| The problem |
For the material below, return exactly the lines starting at the line containing "exists ord_max; apply/eqP => /=." and ending at the line containing "past [#|V|] steps, hence equals [r]. *)", both ends included, and no others.

| Available data |
(* Let $U\subseteq L_{\mathrm{up}}$ be a set of up-links such that the sets $P_u$, $u\in U$, are pairwise disjoint, and let $(C,A)$ be a (weakly) connected component of the dependency graph of $U$ (which is an arborescence). If $\ell_1,\ell_2\in C$ satisfy $V_{\ell_1}\cap V_{\ell_2}\neq\emptyset$, then $\ell_1$ and $\ell_2$ have an ancestry relationship in the arborescence $(C,A)$, i.e. $\ell_1$ is an ancestor of $\ell_2$ or $\ell_2$ is an ancestor of $\ell_1$ in $(C,A)$.
   Context: Let $(G=(V,E),L,w)$ be a WTAP instance (spanning tree $G$, links $L\subseteq\binom V2$, weights $w>0$) with a fixed root $r\in V$, and let $F\subseteq L$ be a WTAP solution, i.e. $\bigcup_{\ell\in F}P_\ell=E$, where $P_\ell$ is the edge set of the tree path between the endpoints of $\ell$ and $V_\ell$ its vertex set. Ancestors of $v$ are the vertices on the $r$-$v$ path in $G$ (including $r$ and $v$); descendants are defined reciprocally. $\mathrm{apex}(\ell)$ is the vertex of $V_\ell$ closest to $r$. An up-link is a link $\{t,b\}$ with $t$ an ancestor of $b$; $L_{\mathrm{up}}$ is the set of up-links. For $v\in V$ let $B_v=\{\ell\in F\colon\mathrm{apex}(\ell)\text{ is a descendant of }v\}$. For an up-link $u=\{t,b\}$ with $t$ an ancestor of $b$, let $v_u$ be the ancestor of $t$ farthest from $r$ such that $P_u\subseteq\bigcup_{\ell\in B_{v_u}}P_\ell$, and fix $F_u\subseteq B_{v_u}$ inclusion-wise minimal with $P_u\subseteq\bigcup_{\ell\in F_u}P_\ell$. For $\ell\in F_u$ let $P_{u,\ell}=P_u\setminus\bigcup_{\bar\ell\in F_u\setminus\{\ell\}}P_{\bar\ell}$; these sets are nonempty, pairwise disjoint, and each is the edge set of a path. Define $\ell_1\prec_u\ell_2$ iff the edges of $P_{u,\ell_1}$ appear before those of $P_{u,\ell_2}$ on the $t$-$b$ path in $G$. If $\ell_1\prec_u\cdots\prec_u\ell_q$ are the links of $F_u$, let $A_u=\{(\ell_i,\ell_{i+1})\colon i=1,\dots,q-1\}$. The dependency graph of $U\subseteq L_{\mathrm{up}}$ is the directed graph with vertex set $F$ whose arc set is the disjoint union of the $A_u$, $u\in U$. When the $P_u$, $u\in U$, are pairwise disjoint, this graph is a branching (no directed cycles, in-degrees at most one), so each weakly connected component is an arborescence. *)

From mathcomp Require Import all_boot.
Set Implicit Arguments. Unset Strict Implicit. Unset Printing Implicit Defensive.

(* The rooted spanning tree G with root r is given by its parent function
   par : V -> V (par r = r); its edges are {v, par v} for v <> r, and each
   edge is identified with its lower endpoint v (a vertex different from r).
   Links are 2-element vertex sets. *)

Section WTAP.
Variables (V : finType) (par : V -> V) (r : V).

Definition anc (a v : V) : bool := [exists k : 'I_#|V|.+1, iter k par v == a].

Definition depth (v : V) : nat := #|[set a | anc a v]|.-1.

(* P_l : tree edges (lower endpoints) on the path between the endpoints of l:
   edge {e, par e} separates the endpoints iff exactly one of them lies in
   the subtree of e. *)
Definition Pth (l : {set V}) : {set V} :=
  [set e | (e != r) && (#|[set x in l | anc e x]| == 1)].

Definition Vl (l : {set V}) : {set V} :=
  [set x | [exists e in Pth l, (x == e) || (x == par e)]].

Definition is_apex (l : {set V}) (x : V) : bool :=
  (x \in Vl l) && [forall y in Vl l, depth x <= depth y].

Definition Bset (F : {set {set V}}) (v : V) : {set {set V}} :=
  [set l in F | [exists x, is_apex l x && anc v x]].

Definition covers (S : {set {set V}}) (Q : {set V}) : bool :=
  Q \subset \bigcup_(l in S) Pth l.

Definition is_vu (F : {set {set V}}) (u : {set V}) (t v : V) : bool :=
  [&& anc v t, covers (Bset F v) (Pth u) &
      [forall w, (anc w t && covers (Bset F w) (Pth u)) ==> (depth w <= depth v)]].

Definition Fu_spec (F : {set {set V}}) (u : {set V}) (t : V) (S : {set {set V}}) : bool :=
  [&& [exists v, is_vu F u t v && (S \subset Bset F v)],
      covers S (Pth u) &
      [forall S' : {set {set V}}, (S' \proper S) ==> ~~ covers S' (Pth u)]].

Definition Pul (u : {set V}) (S : {set {set V}}) (l : {set V}) : {set V} :=
  Pth u :\: \bigcup_(l' in S :\ l) Pth l'.

(* l1 <_u l2 : edges of P_{u,l1} come before those of P_{u,l2} on the t-b
   path (the t-b path goes downward from t, so "before" = smaller depth) *)
Definition precu (u : {set V}) (S : {set {set V}}) (l1 l2 : {set V}) : bool :=
  [forall e1 in Pul u S l1, forall e2 in Pul u S l2, depth e1 < depth e2].

Definition arcu (u : {set V}) (S : {set {set V}}) (l1 l2 : {set V}) : bool :=
  [&& l1 \in S, l2 \in S, precu u S l1 l2 &
      [forall l3 in S, ~~ (precu u S l1 l3 && precu u S l3 l2)]].

Definition dep_arc (U : {set {set V}}) (Fu : {set V} -> {set {set V}})
  : rel {set V} := fun l1 l2 => [exists u in U, arcu u (Fu u) l1 l2].

Definition dep_sym (U : {set {set V}}) (Fu : {set V} -> {set {set V}})
  : rel {set V} := fun l1 l2 => dep_arc U Fu l1 l2 || dep_arc U Fu l2 l1.

End WTAP.

From Pilot Require Import Defs.
From mathcomp Require Import all_boot.
Set Implicit Arguments. Unset Strict Implicit. Unset Printing Implicit Defensive.

(* Every arc [p -> q] of the dependency graph of [U] puts [apex q] on [P_u] and on
   [P_p], strictly below [apex p].  As [apex q] lies on the path of a single up-link,
   each link has at most one in-arc, so a weak component is the set of descendants of
   a root.  For [l1], [l2] in it sharing a vertex, with [apex l1] above [apex l2], the
   in-neighbour [p] of [l2] shares the vertex [apex l2] with [l1]; induction on the
   depths of the apices makes [l1] and [p] comparable.  The only bad case is that [p]
   reaches [l1] through another out-neighbour [q'].  If [(p, l2)] is an arc of [A_u]
   with [u = {t, b}], then [apex q'] is an ancestor of [t] and the links with apex
   below [apex q'] cover [P_u], while [apex q'] is deeper than [apex p], hence than
   [v_u]: this contradicts the choice of [v_u]. *)

Lemma connect_last_arc (T : finType) (e : rel T) x y :
  connect e x y -> x != y -> exists2 z, connect e x z & e z y.
Proof.
case/connectP => p; elim/last_ind: p => [|p z _] /=; first by move=> _ ->; rewrite eqxx.
rewrite rcons_path last_rcons => /andP[xp pz] -> _.
by exists (last x p) => //; apply/connectP; exists p.
Qed.

Lemma connect_first_arc (T : finType) (e : rel T) x y :
  connect e x y -> x != y -> exists2 z, e x z & connect e z y.
Proof.
case/connectP => [[|z p]] /=; first by move=> _ ->; rewrite eqxx.
by case/andP => xz zp -> _; exists z => //; apply/connectP; exists p.
Qed.

Section Tree.
Variables (V : finType) (par : V -> V) (r : V).
Hypothesis par_r : par r = r.
Hypothesis iter_par_card : forall v, iter #|V| par v = r.

Local Notation anc := (anc par).
Local Notation depth := (depth par).
Local Notation Pth := (Pth par r).
Local Notation Vl := (Vl par r).
Local Notation is_apex := (is_apex par r).

Lemma iter_par_r k : iter k par r = r.
Proof. by elim: k => //= k ->. Qed.

Lemma ancP a v : reflect (exists k, iter k par v = a) (anc a v).
Proof.
apply: (iffP existsP) => [[k /eqP <-]|[k <-]]; first by exists k.
have [le_k|lt_k] := leqP k #|V|; first by exists (Ordinal (leq_ltn_trans le_k (ltnSn _))).
exists ord_max; apply/eqP => /=.
by rewrite iter_par_card -(subnK (ltnW lt_k)) iterD iter_par_card iter_par_r.
Qed.

Lemma anc_refl v : anc v v.
Proof. by apply/ancP; exists 0. Qed.

Lemma anc_par v : anc (par v) v.
Proof. by apply/ancP; exists 1. Qed.

Lemma anc_root v : anc r v.
Proof. by apply/ancP; exists #|V|. Qed.

Lemma anc_trans a b c : anc a b -> anc b c -> anc a c.
Proof. by move=> /ancP[k <-] /ancP[m <-]; apply/ancP; exists (k + m); rewrite iterD. Qed.

Lemma anc_total a a' v : anc a v -> anc a' v -> anc a a' || anc a' a.
Proof.
move=> /ancP[k <-] /ancP[m <-]; apply/orP.
have [le_km|lt_mk] := leqP k m.
  by right; apply/ancP; exists (m - k); rewrite -iterD subnK.
by left; apply/ancP; exists (k - m); rewrite -iterD subnK // ltnW.
Qed.

(* On a [par]-cycle through [v], an iterate [iter (n * period) par v = v] is taken
   past [#|V|] steps, hence equals [r]. *)
Lemma anc_antisym a v : anc a v -> anc v a -> a = v.
Proof.
move=> /ancP[[|k] <-] // /ancP[m]; rewrite -iterD => cyc.
have iter_cyc n : iter (n * (m + k.+1)) par v = v.
  by elim: n => //= n IH; rewrite mulSn iterD IH cyc.
have le_card : #|V| <= #|V| * (m + k.+1) by rewrite leq_pmulr // addnS.
have v_r : v = r by rewrite -(iter_cyc #|V|) -(subnK le_card) iterD iter_par_card iter_par_r.
by rewrite v_r iter_par_r.
Qed.

Definition sanc a v := anc a v && (a != v).

Lemma sanc_anc a v : sanc a v -> anc a v.
Proof. by case/andP. Qed.

Lemma sanc_not_anc a v : sanc a v -> ~~ anc v a.
Proof. by case/andP=> av ne; apply: contra ne => va; rewrite (anc_antisym av va). Qed.

Lemma sanc_anc_trans a b c : sanc a b -> anc b c -> sanc a c.
Proof.
case/andP=> ab ne bc; rewrite /sanc (anc_trans ab bc); apply: contraNneq ne => ac.
by apply/eqP/(anc_antisym ab); rewrite ac.
Qed.

Lemma anc_cases a b v : anc a v -> anc b v -> anc a b \/ sanc b a.
Proof.
move=> av bv; have [ab|nab] := boolP (anc a b); first by left.
right; have := anc_total av bv; rewrite (negbTE nab) /= => ba.
by rewrite /sanc ba; apply: contraNneq nab => ->; apply: anc_refl.
Qed.

Lemma depthE v : depth v = #|[set x | sanc x v]|.
Proof.
rewrite /Defs.depth (cardsD1 v) inE anc_refl add1n /=.
by apply: eq_card => x; rewrite !inE andbC.
Qed.

Lemma anc_depth a v : anc a v -> depth a <= depth v.
Proof.
move=> av; rewrite !depthE subset_leq_card //.
by apply/subsetP => x; rewrite !inE => /sanc_anc_trans; apply.
Qed.

Lemma sanc_depth a v : sanc a v -> depth a < depth v.
Proof.
move=> av; rewrite !depthE proper_card //; apply/properP; split.
  by apply/subsetP => x; rewrite !inE => /sanc_anc_trans; apply; apply: sanc_anc.
by exists a; rewrite !inE // /sanc eqxx andbF.
Qed.

Lemma sanc_anc_par a e : sanc a e -> anc a (par e).
Proof.
case/andP=> /ancP[[|k] <-] ne; first by rewrite eqxx in ne.
by apply/ancP; exists k; rewrite -iterSr.
Qed.

Lemma sanc_child c x : sanc c x -> exists e, [/\ par e = c, anc e x & e != c].
Proof.
case/andP=> /ancP[k <-]; elim: k => [|k IH] ne; first by rewrite eqxx in ne.
have [eq_k|ne_k] := eqVneq (iter k par x) (iter k.+1 par x).
  by rewrite -eq_k; apply: IH; rewrite eq_k.
by exists (iter k par x); split => //; apply/ancP; exists k.
Qed.

Definition is_lca x y c := [/\ anc c x, anc c y & forall w, anc w x -> anc w y -> anc w c].

Lemma lca_exists x y : exists c, is_lca x y c.
Proof.
have rxy : anc r x && anc r y by rewrite !anc_root.
case: (@arg_maxnP _ r (fun w => anc w x && anc w y) depth rxy) => c /andP[cx cy] c_max.
exists c; split => // w wx wy; case: (anc_cases wx cx) => // /sanc_depth.
by rewrite ltnNge [_ <= _]c_max ?wx.
Qed.

Lemma Pth_pair x y e : x != y -> (e \in Pth [set x; y]) = (anc e x != anc e y).
Proof.
move=> xy; rewrite /Defs.Pth inE (cardsD1 x) (cardsD1 y) !inE !eqxx orbT /= (eq_sym y x) xy.
have -> : [set z in [set x; y] | anc e z] :\ x :\ y = set0.
  by apply/setP => z; rewrite !inE; case: (z == x); case: (z == y); rewrite ?andbF.
have [->|_] := eqVneq e r; first by rewrite !anc_root.
by rewrite cards0; case: (anc e x); case: (anc e y).
Qed.
Lemma RlebP (x y : R) : reflect (x <= y) (Rleb x y).
Proof. by rewrite /Rleb; case: Rle_dec => h; constructor. Qed.

Section RealSums.
Variable I : finType.

Lemma sumR_le (P : pred I) (F G : I -> R) :
  (forall i, P i -> F i <= G i) ->
  \big[Rplus/R0]_(i | P i) F i <= \big[Rplus/R0]_(i | P i) G i.
Proof. by move=> FG; apply: (big_ind2 Rle) => //; [lra | move=> *; lra]. Qed.

Lemma sumR_ge0 (P : pred I) (F : I -> R) :
  (forall i, P i -> 0 <= F i) -> 0 <= \big[Rplus/R0]_(i | P i) F i.
Proof. by move=> F0; apply: (big_ind (fun x => 0 <= x)) => //; [lra | move=> *; lra]. Qed.

Lemma sumR_const (A : {set I}) (c : R) :
  \big[Rplus/R0]_(i in A) c = INR #|A| * c.
Proof.
rewrite big_const; elim: #|A| => [|j IH]; first by rewrite /=; ring.
by rewrite iterS IH S_INR; ring.
Qed.

Lemma sumR_scale (P : pred I) (F : I -> R) (c : R) :
  \big[Rplus/R0]_(i | P i) (c * F i) = c * \big[Rplus/R0]_(i | P i) F i.
Proof. by apply: (big_rec2 (fun a b => a = c * b)) => [|i a b _ ->]; ring. Qed.

End RealSums.

(* |A \ B| - |B \ A| = |~B| - |~A|: both sides equal |A| - |B|. *)
Lemma card_setD_swap (T : finType) (A B : {set T}) :
  INR #|A :\: B| = INR #|B :\: A| + INR #|~: B| - INR #|~: A|.
Proof.
have := f_equal INR (cardsID B A); have := f_equal INR (cardsID A B).
have := f_equal INR (cardsC A); have := f_equal INR (cardsC B).
rewrite !plus_INR [B :&: A]setIC; lra.
Qed.

(* The normalization 1/k is nonnegative (with 1/0 = 0). *)
Lemma Rinv_INR_ge0 (k : nat) : 0 <= / INR k.
Proof.
case: k => [|k]; first by rewrite Rinv_0; lra.
by left; apply/Rinv_0_lt_compat/lt_0_INR/ltP.
Qed.

Lemma in_pm_scale (a K c d : R) :
  0 < K -> in_pm (a / K) c d -> K * (c - d) <= a <= K * (c + d).
Proof.
move=> K0 [lo hi]; have -> : a = K * (a / K) by field; lra.
by split; apply: Rmult_le_compat_l; lra.
Qed.

Lemma sqrt_eps_bounds (eps : R) :
  0 < eps <= 1 / 25 -> 0 < sqrt eps /\ sqrt eps <= 1 / 5 /\ eps <= sqrt eps.
Proof.
move=> heps; have s0 : 0 < sqrt eps by apply: sqrt_lt_R0; lra.
have ss : sqrt eps * sqrt eps = eps by apply: sqrt_sqrt; lra.
split=> //; split; nra.
Qed.

(* 3/5 < ln 2 < 1: the first because exp(3/5)^5 = exp 1 ^ 3 <= 27 < 2^5. *)
Lemma ln2_bounds : 3 / 5 < ln 2 < 1.
Proof.
split; last first.
  rewrite -(ln_exp 1); apply: ln_increasing; first lra.
  by have := exp_ineq1 1; lra.
have e35 : exp (3 / 5) ^ 5 = exp 1 ^ 3.
  by rewrite /= !Rmult_1_r -!exp_plus; f_equal; field.
have e27 : exp 1 ^ 3 <= 27.
  have := exp_le_3; have := exp_pos 1; rewrite /=; nra.
have lt2 : exp (3 / 5) < 2.
  apply: Rnot_le_lt => h2; have := pow_incr 2 (exp (3 / 5)) 5 ltac:(lra).
  rewrite e35 /=; lra.
by rewrite -(ln_exp (3 / 5)); apply: ln_increasing => //; apply: exp_pos.
Qed.

Lemma pw_ge0 (eps : R) (v : enat) : 0 <= pw eps v.
Proof. by case: v => [j|] /=; [left; apply: exp_pos | lra]. Qed.

Lemma pw_eadd (eps : R) (v : enat) :
  pw eps (eadd v 1) = pw eps v * Rpower 2 (- eps).
Proof.
case: v => [j|] /=; last ring.
by rewrite -Rpower_plus plus_INR /=; f_equal; ring.
Qed.

Lemma pw_antitone (eps : R) (j j' : nat) :
  0 <= eps -> (j <= j')%N -> pw eps (Some j') <= pw eps (Some j).
Proof.
move=> he /leP hj /=; apply: Rle_Rpower; first lra.
by have := le_INR _ _ hj; nra.
Qed.

Section OneBucket.
Variable eps : R.
Hypothesis heps : 0 < eps <= 1 / 25.

Local Notation q := (Rpower 2 (- eps)).

Lemma decay_pos : 0 < q.
Proof. exact: exp_pos. Qed.

(* q = exp(-x) with x = eps ln 2, and exp(-x) < 1/(1 + x) <= 1 - eps/2. *)
Lemma decay_lt : q < 1 - eps / 2.
Proof.
have [l1 l2] := ln2_bounds; rewrite /Rpower.
have -> : - eps * ln 2 = - (eps * ln 2) by ring.
set x := eps * ln 2; have x0 : 0 < x by rewrite /x; nra.
have E : exp (- x) * exp x = 1 by rewrite -exp_plus Rplus_opp_l exp_0.
have := exp_ineq1 x ltac:(lra); have := exp_pos (- x).
have : 1 <= (1 + x) * (1 - eps / 2) by rewrite /x; nra.
nra.
Qed.

(* exp(-x) >= 1 - x and (1 - x)(1 + 2 eps) >= 1 since ln 2 < 1. *)
Lemma decay_ge : 1 <= q * (1 + 2 * eps).
Proof.
have [l1 l2] := ln2_bounds; rewrite /Rpower.
have -> : - eps * ln 2 = - (eps * ln 2) by ring.
set x := eps * ln 2.
have := exp_ineq1_le (- x); have : 1 <= (1 - x) * (1 + 2 * eps) by rewrite /x; nra.
nra.
Qed.

Lemma bucket_drop_le1 (D : R) (a b : nat) :
  D <= pw eps (Some b) -> (1 - eps / 2) * pw eps (Some (a + 1)%N) < D ->
  (b <= a + 1)%N.
Proof.
move=> Db Da; rewrite leqNgt; apply/negP => ab.
have := @pw_antitone eps (a + 1 + 1)%N b (Rlt_le _ _ (proj1 heps)) ltac:(by rewrite addn1).
rewrite (pw_eadd _ (Some (a + 1)%N)).
have : 0 < pw eps (Some (a + 1)%N) by apply: exp_pos.
have := decay_lt; nra.
Qed.

Lemma light_weight (v : enat) (T : R) : pw eps (eadd v 1) < T -> pw eps v <= 2 * T.
Proof.
rewrite pw_eadd => hv; have := pw_ge0 eps v; have := decay_ge; nra.
Qed.

Lemma bucket_gap (a : nat) :
  pw eps (Some a) - pw eps (Some (a + 1)%N) <= 2 * eps * pw eps (Some (a + 1)%N).
Proof.
rewrite (pw_eadd _ (Some a)); have := pw_ge0 eps (Some a); have := decay_ge; nra.
Qed.

Lemma near_threshold (D T : R) (a b : enat) :
  0 < T -> T <= pw eps (eadd a 1) -> pw eps (eadd b 1) < T ->
  D <= pw eps b -> (1 - eps / 2) * pw eps (eadd a 1) < D ->
  (1 - 4 * eps) * T <= D <= (1 + 4 * eps) * T.
Proof.
move=> T0 Ta Tb Db Da; rewrite pw_eadd in Tb.
have := pw_ge0 eps b; have := decay_ge; have := decay_pos.
split; nra.
Qed.

End OneBucket.

Lemma uprime_le (n m : nat) (C : bits n -> bits m) (eps : R) (z : bits m) (j : nat) :
  uprime C eps z = Some j -> DC C z <= pw eps (Some j).
Proof.
rewrite /uprime; set t := tpar n eps; set p := fun j0 => inB C eps j0 z.
case: ifP => // hj [<-].
have hs : has p (iota 0 t.+1) by rewrite has_find size_iota ltnS.
have := nth_find 0%N hs; rewrite nth_iota ?ltnS // add0n.
by case/andP=> _ /RlebP.
Qed.

Lemma gH_ge0 (n m : nat) (C : bits n -> bits m) (alpha : R) : 0 <= gH C alpha.
Proof.
apply: sumR_ge0 => z _; apply: Rmult_le_pos; first exact: pos_INR.
by left; apply/Rinv_0_lt_compat/pow_lt; lra.
Qed.

Section Masses.
Variables (k m : nat) (eps : R).
Implicit Types (A B : {set 'I_k}) (u v : 'I_k -> enat).

Lemma massS_split A B v : massS m eps A v = massS m eps (A :&: B) v + massS m eps (A :\: B) v.
Proof. by rewrite /massS (big_setID B) /= Rmult_plus_distr_l. Qed.

Lemma massS_ge0 A v : 0 <= massS m eps A v.
Proof.
apply: Rmult_le_pos; first exact: Rinv_INR_ge0.
apply: sumR_ge0 => i _; apply: Rmult_le_pos; [apply: pow_le; lra | exact: pw_ge0].
Qed.

Lemma massS_le_card A v c :
  (forall i, i \in A -> 2 ^ m * pw eps (v i) <= c) -> massS m eps A v <= / INR k * INR #|A| * c.
Proof.
move=> Ac; rewrite Rmult_assoc -sumR_const.
by apply: Rmult_le_compat_l; [exact: Rinv_INR_ge0 | exact: sumR_le].
Qed.

Lemma loss_gain_balance A (u' : 'I_k -> enat) u :
  Loss m eps A u' u + massS m eps A u = massS m eps A u' + Gain m eps A u' u.
Proof.
rewrite /Loss /Gain /massS !big_mkcondr /= -!Rmult_plus_distr_l -!big_split /=.
congr (_ * _); apply: eq_bigr => i _.
case: (u i) => [a|]; case: (u' i) => [b|] /=; try ring.
by case: (ltngtP b a) => [_|_|->] /=; ring.
Qed.

Lemma Gain_le A (u' : 'I_k -> enat) u c : 0 <= c ->
  (forall i, i \in A -> elt (u i) (u' i) -> pw eps (u i) - pw eps (u' i) <= c * pw eps (u' i)) ->
  Gain m eps A u' u <= c * massS m eps A u'.
Proof.
move=> c0 hgap; rewrite /Gain /massS big_mkcondr /=.
apply: (Rle_trans _ (/ INR k * \big[Rplus/R0]_(i in A) (c * (2 ^ m * pw eps (u' i))))).
  apply: Rmult_le_compat_l; first exact: Rinv_INR_ge0.
  apply: sumR_le => i iA; have P0 : 0 < 2 ^ m by apply: pow_lt; lra.
  have := pw_ge0 eps (u' i); case: ifP => [/(hgap i iA) g|_] p0.
  - by nra.
  - by apply: Rmult_le_pos => //; apply: Rmult_le_pos; lra.
by rewrite sumR_scale -!Rmult_assoc (Rmult_comm (/ INR k)); apply: Rle_refl.
Qed.

End Masses.

Lemma massS_light (k m : nat) (eps alpha : R) (A : {set 'I_k}) (v : 'I_k -> enat) :
  0 < eps <= 1 / 25 -> A \subset Lset m eps alpha v ->
  massS m eps A v <= / INR k * INR #|A| * (2 * alpha).
Proof.
move=> heps /subsetP AL; apply: massS_le_card => i /AL; rewrite inE => /RltbP Li.
have P0 : 0 < 2 ^ m by apply: pow_lt; lra.
have := light_weight heps Li; set x := pw eps (v i) => hx.
have -> : 2 * alpha = 2 ^ m * (2 * (alpha / 2 ^ m)) by field; lra.
by apply: Rmult_le_compat_l; lra.
Qed.

Section LabelComparison.
Variables (n m k : nat) (C : bits n -> bits m) (eps alpha : R).
Variables (y : 'I_k -> bits m) (u : 'I_k -> enat).
Hypothesis heps : 0 < eps <= 1 / 25.
Hypothesis halpha : 1 < alpha.
Hypothesis hk : (1 <= k)%N.
Hypothesis hu'u : forall i, uprime C eps (y i) = None -> u i = None.
Hypothesis hDu : forall i, u i = None \/ DC C (y i) > (1 - eps / 2) * pw eps (eadd (u i) 1).

Local Notation u' := (fun i : 'I_k => uprime C eps (y i)).
Local Notation L := (Lset m eps alpha u).
Local Notation L' := (Lset m eps alpha u').
Local Notation M := [set i | inM C eps alpha (y i)].
Local Notation K := (INR k).
Local Notation s := (sqrt eps).

Lemma K_pos : 0 < K.
Proof. exact/lt_0_INR/leP. Qed.

Lemma label_drop i a : u i = Some a -> exists2 b, u' i = Some b & (b <= a + 1)%N.
Proof.
move=> ua; case E: (uprime C eps (y i)) => [b|]; last by move: (hu'u E); rewrite ua.
exists b => //; apply: (bucket_drop_le1 heps (uprime_le E)).
by case: (hDu i); rewrite ua.
Qed.

Lemma uprime_le_succ i : ele (u' i) (eadd (u i) 1).
Proof.
case ua: (u i) => [a|] /=; last by case: (uprime C eps (y i)).
by have [b -> /= ab] := label_drop ua.
Qed.

Lemma L'_minus_L_sub_M : L' :\: L \subset M.
Proof.
apply/subsetP => i; rewrite !inE => /andP[/RltbP nL /RltbP L'i].
have aP : 0 < alpha / 2 ^ m by apply: Rdiv_lt_0_compat; [lra | apply: pow_lt; lra].
have [Di|Di] := hDu i.
  by move: nL; rewrite Di /=; lra.
case E: (uprime C eps (y i)) L'i => [b|] L'i; last by move: nL; rewrite (hu'u E) /=; lra.
have [lo hi] := near_threshold heps aP (Rnot_lt_le _ _ nL) L'i (uprime_le E) Di.
by rewrite /inM; apply/andP; split; apply/RlebP.
Qed.

Lemma card_L'_minus_L : / K * INR #|M| < 3 * s / alpha ->
  INR #|L' :\: L| <= 3 * K * s.
Proof.
move=> hM; have K0 := K_pos; have [s0 _] := sqrt_eps_bounds heps.
have ia : / alpha < 1 by rewrite -Rinv_1; apply: Rinv_lt_contravar; lra.
have M_le : INR #|M| < K * (3 * s / alpha).
  by rewrite -[INR #|M|](Rmult_1_l) -(Rinv_r K) ?Rmult_assoc; [apply: Rmult_lt_compat_l | lra].
have := Rle_lt_trans _ _ _ (le_INR _ _ (leP (subset_leq_card L'_minus_L_sub_M))) M_le.
have : 0 < K * s by apply: Rmult_lt_0_compat.
rewrite /Rdiv; nra.
Qed.

(* Claim (iii): |L \ L'| = |L' \ L| + |H'| - |H| with |H| ~ pUH ~ gUH ~ |H'|. *)
Lemma card_L_minus_L' pUH :
  in_pm pUH (gUH C alpha) (10 * s) ->
  in_pm (INR #|~: L| / K) pUH (3 * s) ->
  in_pm (INR #|~: L'| / K) (gUH C alpha) (3 * s) ->
  INR #|L' :\: L| <= 3 * K * s ->
  INR #|L :\: L'| <= 19 * K * s.
Proof.
move=> [pUHlo _] hH hH' c2; have K0 := K_pos.
have [H_lo _] := in_pm_scale K0 hH; have [_ H'_hi] := in_pm_scale K0 hH'.
rewrite card_setD_swap; nra.
Qed.

Lemma mass_differences :
  INR #|L' :\: L| <= 3 * K * s -> INR #|L :\: L'| <= 19 * K * s ->
  massS m eps (L' :\: L) u' <= 6 * s * alpha /\ massS m eps (L :\: L') u <= 38 * s * alpha.
Proof.
move=> c2 c3; have K0 := K_pos.
have hK : forall x c, x <= c * K * s -> / K * x * (2 * alpha) <= 2 * c * s * alpha.
  move=> x c xc; have -> : 2 * c * s * alpha = / K * (c * K * s) * (2 * alpha) by field; lra.
  by apply: Rmult_le_compat_r; [lra | apply: Rmult_le_compat_l; [exact: Rinv_INR_ge0 |]].
split.
- have -> : 6 * s * alpha = 2 * 3 * s * alpha by ring.
  by apply: Rle_trans (hK _ _ c2); apply: massS_light heps (subsetDl _ _).
- have -> : 38 * s * alpha = 2 * 19 * s * alpha by ring.
  by apply: Rle_trans (hK _ _ c3); apply: massS_light heps (subsetDl _ _).
Qed.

| Worked solution |
exists ord_max; apply/eqP => /=.
by rewrite iter_par_card -(subnK (ltnW lt_k)) iterD iter_par_card iter_par_r.
Qed.

Lemma anc_refl v : anc v v.
Proof. by apply/ancP; exists 0. Qed.

Lemma anc_par v : anc (par v) v.
Proof. by apply/ancP; exists 1. Qed.

Lemma anc_root v : anc r v.
Proof. by apply/ancP; exists #|V|. Qed.

Lemma anc_trans a b c : anc a b -> anc b c -> anc a c.
Proof. by move=> /ancP[k <-] /ancP[m <-]; apply/ancP; exists (k + m); rewrite iterD. Qed.

Lemma anc_total a a' v : anc a v -> anc a' v -> anc a a' || anc a' a.
Proof.
move=> /ancP[k <-] /ancP[m <-]; apply/orP.
have [le_km|lt_mk] := leqP k m.
  by right; apply/ancP; exists (m - k); rewrite -iterD subnK.
by left; apply/ancP; exists (k - m); rewrite -iterD subnK // ltnW.
Qed.

(* On a [par]-cycle through [v], an iterate [iter (n * period) par v = v] is taken
   past [#|V|] steps, hence equals [r]. *)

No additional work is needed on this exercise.